Again, in a future session, you’ll learn how to use so-called regularization to reduce this level of overfitting. [Though, not to get everyone’s hopes up, extrapolation outside of a training set range is a major weakness of all machine learning algorithms, even with regularization.]
Multivariate AND Non-linear Regression
So far this week, we have looked at multivariate linear regression, where our hypothesis/model is \(y = \theta_0 + \theta_1 x_1 + \ldots + \theta_1 x_n\), and univariate non-linear regression, which also has a hypothesis/model \(y = \theta_0 + \theta_1 x_1 + \ldots + \theta_1 x_n\) but there each feature was itself defined as a power of a single variable \(x\), i.e. \(x_1 = x\), \(x_2 = x^2\), \(\ldots\), \(x_n = x^n\); all powers of the same independent variable \(x\).
It should be obvious that we can further generalize this to a model that is both non-linear and has multiple measured independent input variables. Let’s choose some variable names for actual physical potential input variables like pressure, \(p\), temperature, \(T\), and, say, salinity, \(s\). We can now define any non-linear multivariate model hypothesis (usually based on some physical knowledge) and our target \(y\) (say, seawater density) could depend on those physical variables through some very complicated function:
\(y = \theta_0 + \theta_1 p + \theta_2 T + \theta_3 s + \theta_4 (p\times T) + \theta_5 s^4 + \theta_6 \log(s/(T\times p)) + \theta 7 \tan(4 p/T) + \ldots\)
by simply defining features (columns in a spreadsheet) \(x_1 = p\), \(x_2 = T\), \(x_3 = s\), \(x_4 = p\times T\), \(x_5 = s^4\), \(x_6 = \log(s/(T\times p)))\), \(x_7 = \tan(4p/T)\), etc. To repeat myself, the only important requirement is that we can write this as a function that is linear in the fitting parameters \(\theta\) that we find with a linear regression model. So we cannot have something as simple as \(y = (\theta_1 x)^2\), because that depends quadratically, not linearly, on the fitting parameter \(\theta_1\).
I won’t give any examples of the above here, partly because visualizations become a bit more difficult with many input features (which would be dimensions of a plot), but you’ll explore this in more detail in the second part of this week’s lab.
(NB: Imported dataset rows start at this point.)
Lemma dyadic_val_scale (q : rat) (k : nat) : is_dyadic q ->
  (dyadic_val q <= k)%N -> (2 ^ k)%:R * q \is a Num.int.
Proof.
move=> /dyadic_valP h hk.
by rewrite -(subnK hk) expnD natrM -mulrA rpredM // natr_int.
Qed.

Lemma dyadic_valD (x y : rat) : is_dyadic x -> is_dyadic y ->
  (dyadic_val (x + y) <= dyadic_val x + dyadic_val y)%N.
Proof.
move=> hx hy; apply: dyadic_val_min; rewrite mulrDr rpredD //.
  by apply: dyadic_val_scale; rewrite ?leq_addr.
by apply: dyadic_val_scale; rewrite ?leq_addl.
Qed.

Lemma dyadic_valN (x : rat) : dyadic_val (- x) = dyadic_val x.
Proof. by rewrite /dyadic_val denqN. Qed.

Lemma dyadic_val_int (z : int) : dyadic_val z%:~R = 0%N.
Proof.
by apply/eqP; rewrite -leqn0; apply: dyadic_val_min; rewrite mul1r intr_int.
Qed.

Lemma dyadic_val_eq0 (x : rat) :
  is_dyadic x -> dyadic_val x = 0%N -> x \is a Num.int.
Proof. by move=> /dyadic_valP + h0; rewrite h0 mul1r. Qed.

Lemma dyadic_valDz (x : rat) (z : int) :
  is_dyadic x -> dyadic_val (x + z%:~R) = dyadic_val x.
Proof.
move=> hx; apply/eqP; rewrite eqn_leq; apply/andP; split.
  by have := dyadic_valD hx (int_dyadic z); rewrite dyadic_val_int addn0.
have := dyadic_valD (rpredD hx (int_dyadic z)) (int_dyadic (- z)).
by rewrite dyadic_val_int addn0 mulrNz addrK.
Qed.

Lemma prufer_projD (x y : dyadic) :
  prufer_proj (x + y) = prufer_proj x + prufer_proj y.
Proof. by rewrite [RHS]/(_ + _) /= /pr_add projDl projDr. Qed.

Lemma prufer_projN (x : dyadic) : prufer_proj (- x) = - prufer_proj x.
Proof.
rewrite [RHS]/(- _) /= /pr_opp; apply: proj_shift.
case: (proj_val x) => z hz; exists z.
by rewrite /= -hz opprK addrC.
Qed.

Lemma prufer_proj_int (z : int) : prufer_proj (dyadic_of_int z) = 0.
Proof. by apply: (proj_shift (y := 0)); exists z; rewrite subr0. Qed.

Lemma prval_ge0_lt1 (a : prufer2) : 0 <= dyval (prval a) < 1.
Proof. by case: a => x /=; rewrite floor_eq add0r. Qed.

Definition int_ball (M : nat) : seq int :=
  [seq i%:Z - M%:Z | i <- iota 0 (2 * M).+1].

Lemma int_ballP (M : nat) (m : int) : `|m| <= M%:Z -> m \in int_ball M.
Proof.
rewrite ler_norml => /andP[lo hi]; apply/mapP; exists (absz (m + M%:Z)).
  by rewrite mem_iota add0n -ltz_nat gez0_abs; lia.
by rewrite gez0_abs ?addrK //; lia.
Qed.

Definition dyadic_ball (K M : nat) : seq rat :=
  [seq m%:~R / (2 ^ K)%:R | m <- int_ball M].

Lemma dyadic_ballP (K M : nat) (q : rat) : (2 ^ K)%:R * q \is a Num.int ->
  `|(2 ^ K)%:R * q| <= M%:R -> q \in dyadic_ball K M.
Proof.
move=> /floorK hq hM; apply/mapP; exists (Num.floor ((2 ^ K)%:R * q)).
  by apply: int_ballP; rewrite -(ler_int rat) intr_norm hq.
have h2 : (2 ^ K)%:R != 0 :> rat by rewrite pnatr_eq0 expn_eq0.
by rewrite hq mulrC mulrA mulVf // mul1r.
Qed.

Lemma dyadic_boundedP (r : RR) (q : rat) : is_dyadic q ->
  (dyadic_val q)%:R <= r -> ratr `|q| <= r ->
  q \in dyadic_ball (Num.bound `|r|) (2 ^ Num.bound `|r| * Num.bound `|r|).
Proof.
move=> hq hv ha; have hK := archi_bound_gt r; set K := Num.bound `|r| in hK *.
have vK : (dyadic_val q <= K)%N.
  by apply: ltnW; rewrite -(ltr_nat RR); apply: le_lt_trans hK.
have aK : `|q| <= K%:R.
  by rewrite -(ler_rat RR) ratr_nat; apply/ltW/(le_lt_trans ha).
apply: dyadic_ballP; first exact: dyadic_val_scale.
by rewrite normrM normr_nat natrM ler_wpM2l.
Qed.

Definition int_norm (k : int) : RR := `|k|%:~R.

Definition dyadic_norm (x : dyadic) : RR :=
  ratr `|dyval x| + (dyadic_val (dyval x))%:R.

Definition prufer_norm (a : prufer2) : RR := (dyadic_val (dyval (prval a)))%:R.

Lemma prufer_norm_proj (x : dyadic) :
  prufer_norm (prufer_proj x) = (dyadic_val (dyval x))%:R.
Proof.
rewrite /prufer_norm; case: (proj_val x) => z hz.
by rewrite -[dyval _](subrK (dyval x)) hz addrC dyadic_valDz //; case: x {hz}.
Qed.

Lemma int_norm_proper : proper_norm int_norm.
Proof.
split=> [g|g|g h|r].
- rewrite /int_norm; split=> [/eqP|->]; last by rewrite normr0.
  by rewrite intr_eq0 normr_eq0 => /eqP.
- by rewrite /int_norm normrN.
- by rewrite /int_norm -intrD ler_int ler_normD.
- exists (int_ball (Num.bound `|r|)) => k hk; apply: int_ballP.
  have := le_lt_trans hk (archi_bound_gt r).
  by rewrite -[_%:R]/((_%:Z)%:~R) /int_norm ltr_int => /ltW.
Qed.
Wrap-up Summary, and Next Steps
This week you learned how everything you learned last week for univariate linear numerical regression can be generalized almost trivially to any number of input variabels / features and also to any type of non-linear function, as long as it is linear in the fitting parameters. That means, regular gradient descent, stochastic gradient descent, mini-batch gradient descent, and accelerated methods like (trunctated) Newton method, which uses the second derivative of the Mean Squared Error to set the learning rate.
This means that just 3 weeks into the semester, you already have the Machine Learning tools to efficiently solve a huge range of typical science and engineering problems with ML methods that work for massive amounts of data (unlike the analytical solution methods which, in theory, can be applied to solve the same types of problems).
Next week, you’ll learn how these same methods can again be generalized to, seemlingly, entirely different applications of classification schemes, just be defining a different loss/cost/error function \(J(\theta)\). Such classification is called logistic regression. We’ll follow a similar progression of first looking at logistic linear regression of one variable (univariate), then of multiple variables/features, and then non-linear multivariate logistic regression.